Playing Games While Darfur Dies


Last December the British Government confirmed the details of the proposed peace-keeping force for Darfur. It was all going to be in place at the beginning of this year.  Many of us argued that it was already nearly four years too late. Too late for the 3-400,000 dead; too late for the 2 million displaced; and too late for the millions of people now dependent on intermittent food aid for their very survival.

The pathetic failure of the international community to even meet their own deadline – and the lamentable failure to provide the helicopters and equipment needed to put the peace keepers in place – makes mock of all the high sounding rhetoric about international resolve.

In this context, Steven Spielberg is to be commended for his decision to quit his role as artistic advisor to the Beijing Olympics in protest at China’s failure to do more to address the crisis in Darfur. Perhaps this will shame others into getting their act together.
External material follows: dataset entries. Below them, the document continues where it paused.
Lemma peel_n_eq0 : peel t G n = set0.
Proof.
suff card_le j : #|peel t G j| <= n - j.
  by apply/eqP; rewrite -cards_eq0 -leqn0 -(subnn n) card_le.
elim: j => [|j IH]; first by rewrite subn0 cardsT card_ord.
case: (eqVneq (peel t G j) set0) => [Pj0|/peel_card_lt]; last by move: IH; lia.
have : peel t G j.+1 \subset peel t G j := peel_fromS t G setT j.
by rewrite Pj0 subset0 => /eqP->; rewrite cards0.
Qed.

End Arboricity.

(* In a cycle, the vertex of least key has two distinct neighbours of larger key. *)
Lemma unique_parent_forest n (F : rel 'I_n) (key : 'I_n -> nat) :
  symmetric F -> injective key ->
  (forall x y w, F x y -> F x w -> key x < key y -> key x < key w -> y = w) ->
  forest F.
Proof.
move=> Fsym key_inj unique_parent [s [s_size s_uniq s_cycle]].
have [x0 sx0] : exists x, x \in s.
  by case: s s_size {s_uniq s_cycle} => [|x s] // _; exists x; rewrite inE eqxx.
case: (arg_minnP key sx0) => x sx x_min.
have key_gt y : y \in s -> y != x -> key x < key y.
  by move=> sy yx; rewrite ltn_neqAle x_min // andbT (inj_eq key_inj) eq_sym.
move: s_cycle s_uniq s_size; rewrite -(rot_cycle (index x s)) -(rot_uniq (index x s)).
rewrite -(size_rot (index x s)) (rot_index sx).
have : {subset x :: (drop (index x s).+1 s ++ take (index x s) s) <= s}.
  by move=> w; rewrite -(rot_index sx) mem_rot.
case: (drop _ _ ++ take _ _) => [|y [|z r]] // s_sub.
rewrite /cycle rcons_path => /andP[/andP[Fxy _] Flx].
set l := last x [:: y, z & r] in Flx.
have lzr : l \in z :: r by rewrite /l /= mem_last.
move=> /= /and3P[]; rewrite inE negb_or => /andP[xy xzr] yzr _ _.
have ly : l != y by apply: contraNneq yzr => <-.
have lx : l != x by apply: contraNneq xzr => <-.
have ky : key x < key y by rewrite key_gt 1?eq_sym ?s_sub // !inE eqxx orbT.
have kl : key x < key l by rewrite key_gt ?s_sub // inE in_cons lzr !orbT.
rewrite Fsym in Flx.
by move: ly; rewrite (unique_parent x y l Fxy Flx ky kl) eqxx.
Qed.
Over the past five years Sudan’s military regime, with help from proxy militias that it has armed, supplied and directed, has killed hundreds of thousands and driven over two million from their homes into wretched camps where they continue to be raped, arrested, tortured and murdered.
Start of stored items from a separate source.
(* Let $n\ge 2$ be an integer and let $G_n=\langle a,b \mid (ab)^n\rangle$. For every rational number $s\in[1/n,1]$ and every nonzero integer $t$, the element $u_s$ is not conjugate in $G_n$ to $a^t$ nor to $b^t$. (That is, $\alpha_s$ is not peripheral in the even Heckoid orbifold of index $n$ for the trivial knot.)
   Context: Words $u_s\in F(a,b)$ for rational $0<s\le1$: write $s=q/p$ with $p\ge1$, $\gcd(p,q)=1$, and set $\epsilon_i=(-1)^{\lfloor iq/p\rfloor}$ for $1\le i\le p-1$. If $p$ is odd, $u_{q/p}=a\,\hat u\, b^{(-1)^q}\,\hat u^{-1}$ with $\hat u=b^{\epsilon_1}a^{\epsilon_2}\cdots b^{\epsilon_{p-2}}a^{\epsilon_{p-1}}$ (letters alternate $b,a,\dots$; empty if $p=1$). If $p$ is even, $u_{q/p}=a\,\hat u\,a^{-1}\,\hat u^{-1}$ with $\hat u=b^{\epsilon_1}a^{\epsilon_2}\cdots a^{\epsilon_{p-2}}b^{\epsilon_{p-1}}$. The generators $a,b$ are meridians; a loop is peripheral iff it represents the conjugacy class of a power of a meridian. *)

From Stdlib Require Import List Arith ZArith Relations.
Import ListNotations.

(* A letter is (generator, sign): generator true = a, false = b;
   sign true = exponent +1, false = exponent -1. *)
Definition letter := (bool * bool)%type.
Definition word := list letter.

Definition ga : bool := true.
Definition gb : bool := false.

Definition inv_letter (l : letter) : letter := (fst l, negb (snd l)).
Definition inv_word (w : word) : word := rev (map inv_letter w).

Definition gpow (g : bool) (t : Z) : word :=
  if (0 <=? t)%Z then repeat (g, true) (Z.to_nat t)
  else repeat (g, false) (Z.to_nat (- t)).

Definition relator (n : nat) : word :=
  concat (repeat [(ga, true); (gb, true)] n).

Inductive gstep (n : nat) : word -> word -> Prop :=
| gstep_free : forall w1 w2 l, gstep n (w1 ++ [l; inv_letter l] ++ w2) (w1 ++ w2)
| gstep_rel : forall w1 w2, gstep n (w1 ++ relator n ++ w2) (w1 ++ w2)
| gstep_relinv : forall w1 w2, gstep n (w1 ++ inv_word (relator n) ++ w2) (w1 ++ w2).

Definition geq (n : nat) : word -> word -> Prop := clos_refl_sym_trans word (gstep n).

Definition gconj (n : nat) (u v : word) : Prop :=
  exists g : word, geq n (g ++ u ++ inv_word g) v.

(* epsilon_i = (-1)^floor(i q / p), encoded as sign: true iff +1 *)
Definition eps (q p i : nat) : bool := Nat.even (i * q / p).

Definition uhat (q p : nat) : word :=
  map (fun i => (if Nat.odd i then gb else ga, eps q p i)) (seq 1 (p - 1)).

Definition u_word (q p : nat) : word :=
  [(ga, true)] ++ uhat q p ++
  (if Nat.odd p then [(gb, Nat.even q)] else [(ga, false)]) ++
  inv_word (uhat q p).

(* The assignment a |-> (1, 1), b |-> (-1, 0) into the abelian group Z x Z/n
   kills (ab)^n, so it induces a homomorphism on G_n, whose values are
   conjugacy invariants.  Since u_s is a product of a, a conjugate of û and
   the inverse of û, its image is (0, 0), (0, 1) or (2, 1) according to the
   parities of p and q, whereas a^t |-> (t, t) and b^t |-> (-t, 0).  For
   t <> 0 and n >= 2 these never agree. *)

From Stdlib Require Import List Arith ZArith Relations Lia.
Import ListNotations.

Local Open Scope Z_scope.

Definition exp_sum (f : letter -> Z) (w : word) : Z :=
  fold_right (fun l s => f l + s) 0 w.

Lemma exp_sum_app f w1 w2 : exp_sum f (w1 ++ w2) = exp_sum f w1 + exp_sum f w2.
Proof. induction w1 as [|l w1 IH]; simpl; [reflexivity | rewrite IH; lia]. Qed.

Lemma exp_sum_rev f w : exp_sum f (rev w) = exp_sum f w.
Proof.
  induction w as [|l w IH]; simpl; [reflexivity|].
  rewrite exp_sum_app, IH; simpl; lia.
Qed.

Lemma exp_sum_repeat f l k : exp_sum f (repeat l k) = Z.of_nat k * f l.
Proof. induction k as [|k IH]; simpl repeat; simpl exp_sum; [reflexivity | rewrite IH; lia]. Qed.

Lemma exp_sum_relator f n :
  exp_sum f (relator n) = Z.of_nat n * (f (ga, true) + f (gb, true)).
Proof.
  induction n as [|n IH]; [reflexivity|].
  change (relator (S n)) with ([(ga, true); (gb, true)] ++ relator n).
  rewrite exp_sum_app, IH, Nat2Z.inj_succ; simpl; lia.
Qed.

Section OddWeight.

Variable f : letter -> Z.
Hypothesis f_inv_letter : forall l, f (inv_letter l) = - f l.

Lemma exp_sum_inv_word w : exp_sum f (inv_word w) = - exp_sum f w.
Proof.
  unfold inv_word; rewrite exp_sum_rev.
  induction w as [|l w IH]; simpl; [reflexivity | rewrite f_inv_letter, IH; lia].
Qed.

Lemma exp_sum_conjugate g w : exp_sum f (g ++ w ++ inv_word g) = exp_sum f w.
Proof. rewrite !exp_sum_app, exp_sum_inv_word; lia. Qed.

Lemma exp_sum_gpow g t : exp_sum f (gpow g t) = t * f (g, true).
Proof.
  unfold gpow; destruct (Z.leb_spec 0 t); rewrite exp_sum_repeat, Z2Nat.id by lia.
  - lia.
  - change (g, false) with (inv_letter (g, true)); rewrite f_inv_letter; lia.
Qed.

Lemma exp_sum_u_word q p :
  exp_sum f (u_word q p) =
  f (ga, true) + f (if Nat.odd p then (gb, Nat.even q) else (ga, false)).
Proof.
  unfold u_word; rewrite exp_sum_app.
  destruct (Nat.odd p); rewrite exp_sum_conjugate; simpl; lia.
Qed.

Variables (n : nat) (m : Z).
Hypothesis m_dvd_relator : (m | exp_sum f (relator n)).

Lemma gstep_exp_sum u v : gstep n u v -> (m | exp_sum f u - exp_sum f v).
Proof.
  intros [w1 w2 l | w1 w2 | w1 w2]; rewrite !exp_sum_app.
  - replace (_ - _) with 0 by (simpl; rewrite f_inv_letter; lia).
    apply Z.divide_0_r.
  - replace (_ - _) with (exp_sum f (relator n)) by lia; assumption.
  - rewrite exp_sum_inv_word.
    replace (_ - _) with (- exp_sum f (relator n)) by lia.
    now apply Z.divide_opp_r.
Qed.

Lemma geq_exp_sum u v : geq n u v -> (m | exp_sum f u - exp_sum f v).
Proof.
  induction 1 as [x y Hxy | x | x y _ IH | x y z _ IHxy _ IHyz].
  - now apply gstep_exp_sum.
  - rewrite Z.sub_diag; apply Z.divide_0_r.
  - replace (_ - _) with (- (exp_sum f x - exp_sum f y)) by lia.
    now apply Z.divide_opp_r.
  - replace (_ - _) with ((exp_sum f x - exp_sum f y) + (exp_sum f y - exp_sum f z))
      by lia.
    now apply Z.divide_add_r.
Qed.

Lemma gconj_exp_sum u v : gconj n u v -> (m | exp_sum f u - exp_sum f v).
Proof.
  intros [g Hg]; apply geq_exp_sum in Hg.
  now rewrite exp_sum_conjugate in Hg.
Qed.

End OddWeight.

Definition letter_sign (l : letter) : Z := if snd l then 1 else -1.

(* The two coordinates of the homomorphism to Z x Z/n. *)
Definition weight_ab (l : letter) : Z := if fst l then letter_sign l else - letter_sign l.
Definition weight_a (l : letter) : Z := if fst l then letter_sign l else 0.

Lemma weight_ab_inv_letter l : weight_ab (inv_letter l) = - weight_ab l.
Proof. now destruct l as [[] []]. Qed.

Lemma weight_a_inv_letter l : weight_a (inv_letter l) = - weight_a l.
Proof. now destruct l as [[] []]. Qed.

Lemma gconj_weight_ab n u v :
  gconj n u v -> exp_sum weight_ab u = exp_sum weight_ab v.
Proof.
  intros H; apply Z.sub_move_0_r, Z.divide_0_l.
  apply (gconj_exp_sum weight_ab weight_ab_inv_letter n); [|exact H].
  rewrite exp_sum_relator; simpl; rewrite Z.mul_0_r; apply Z.divide_0_r.
Qed.

Lemma gconj_weight_a n u v :
  gconj n u v -> (Z.of_nat n | exp_sum weight_a u - exp_sum weight_a v).
Proof.
  apply gconj_exp_sum; [exact weight_a_inv_letter|].
  rewrite exp_sum_relator; simpl; rewrite Z.mul_1_r; apply Z.divide_refl.
Qed.

Lemma not_dvd_one n : (2 <= n)%nat -> ~ (Z.of_nat n | 1) /\ ~ (Z.of_nat n | -1).
Proof.
  intros Hn; split; [|rewrite <- Z.divide_opp_r]; intros H;
    apply Z.divide_1_r in H; lia.
Qed.

Local Close Scope Z_scope.

Theorem theorem2p2 :
  forall (n p q : nat),
    2 <= n ->
    1 <= p -> Nat.gcd p q = 1 ->
    q <= p -> p <= n * q ->
    forall t : Z, t <> 0%Z ->
      ~ gconj n (u_word q p) (gpow ga t) /\ ~ gconj n (u_word q p) (gpow gb t).
Proof.
  intros n p q Hn _ _ _ _ t Ht.
  destruct (not_dvd_one n Hn) as [Hndvd1 Hndvd_1].
  split; intros Hconj;
    pose proof (gconj_weight_ab _ _ _ Hconj) as Hab;
    pose proof (gconj_weight_a _ _ _ Hconj) as Ha;
    rewrite exp_sum_u_word, exp_sum_gpow in Hab, Ha
      by (exact weight_ab_inv_letter || exact weight_a_inv_letter);
    destruct (Nat.odd p), (Nat.even q);
    cbv [weight_ab weight_a letter_sign ga gb fst snd] in Hab, Ha; try lia.
  - replace t with 2%Z in Ha by lia; exact (Hndvd_1 Ha).
  - replace t with (-2)%Z in Ha by lia; exact (Hndvd1 Ha).
Qed.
Since my own visit to Darfur, more than three years ago, and the report I published describing what was taking place as genocide, in its technical and legal sense, the international community has utterly failed to match its rhetoric with effective action.

After the latest government offensive, 12,000 new refugees who flooded across the border into Chad gave familiar accounts of homes bombed, burned and looted, of villages encircled by militiamen to prevent escape.

Once again there was of course outrage around the world. But Sudanese President Omar al-Bashir and his colleagues in the ruling National Congress Party do not as a rule tend to be very receptive to those who question their policies.

China’s intimate economic relationship with Sudan, on the other hand, puts it in a unique position to command al-Bashir’s attention. With a peace agreement finally in place with the rebels in the South, where Sudan’s oil fields lie, the country now exports over 200,000 barrels of crude oil a day to China, the biggest investor in its oil industry. The vast income that this generates, along with China’s long history of selling arms to Sudan, gives Beijing an enormous amount of potential leverage.

But with its own economic interests at stake, China has been predictably reluctant to fully exercise this influence either to help solve one of the world’s worst human catastrophes in Darfur or to pressure Khartoum to end arbitrary arrests, torture, extrajudicial killings and censorship throughout the rest of Sudan.

When challenged over Darfur, Chinese officials point to a number of steps on their part which they say show a genuine will to resolve the conflict and its humanitarian fallout. These include allowing a Security Council resolution that gave the International Criminal Court the go-ahead to investigate crimes there and voting in favour of another to establish a United Nations-African Union peacekeeping operation. China has also contributed a contingent of engineers to the latter force and appointed a special envoy to focus on Darfur. Such moves, it says, are the best it can do and have already achieved progress.

But the facts suggest that China can and should do much more.

The Sudanese authorities continue to violate ceasefire agreements in Darfur, continue to hamper the distribution of aid and continue to systematically attack civilians seen as siding with rebel groups.

The only two men indicted by the ICC for crimes in the region continue to be sheltered by those in power. One of them, who has held onto his job as state minister for humanitarian affairs, is perversely responsible both for the distribution of aid in Darfur and for the investigation of the very human rights abuses that he is suspected of committing.

At the same time, deployment of a peacekeeping force with any chance of improving the situation on the ground is being delayed both by a lack of necessary equipment and by systematic obstruction on the part of the Sudanese authorities.

On most of these points, China generally maintains a studied silence.

It is not only the case that China has failed in its moral obligation to use its enormous leverage over Sudan to full effect. It has also taken more concrete steps that have directly helped to perpetuate the suffering in Darfur. When Security Council members sought to issue a formal statement in December calling for Sudan to cooperate with the ICC, China stood in the way. And it has even reportedly continued to sell millions of dollars worth of arms and ammunition to Khartoum despite evidence of the deployment of such weaponry in the country’s war-torn western region.

It is imperative that the attention to China that will be generated by this year’s Olympics should be channelled into pressuring its government to take a far stronger line with Khartoum over the tragedy in Darfur.

China claims that any attempt to draw a link between the Games and its political involvement in Sudan is a vulgar violation of the Olympic spirit. But however much we respect the heritage of the Games, the systematic violation of the basic human rights of millions of Darfuris must surely take precedence. We must stop playing games while Darfuris continue to die.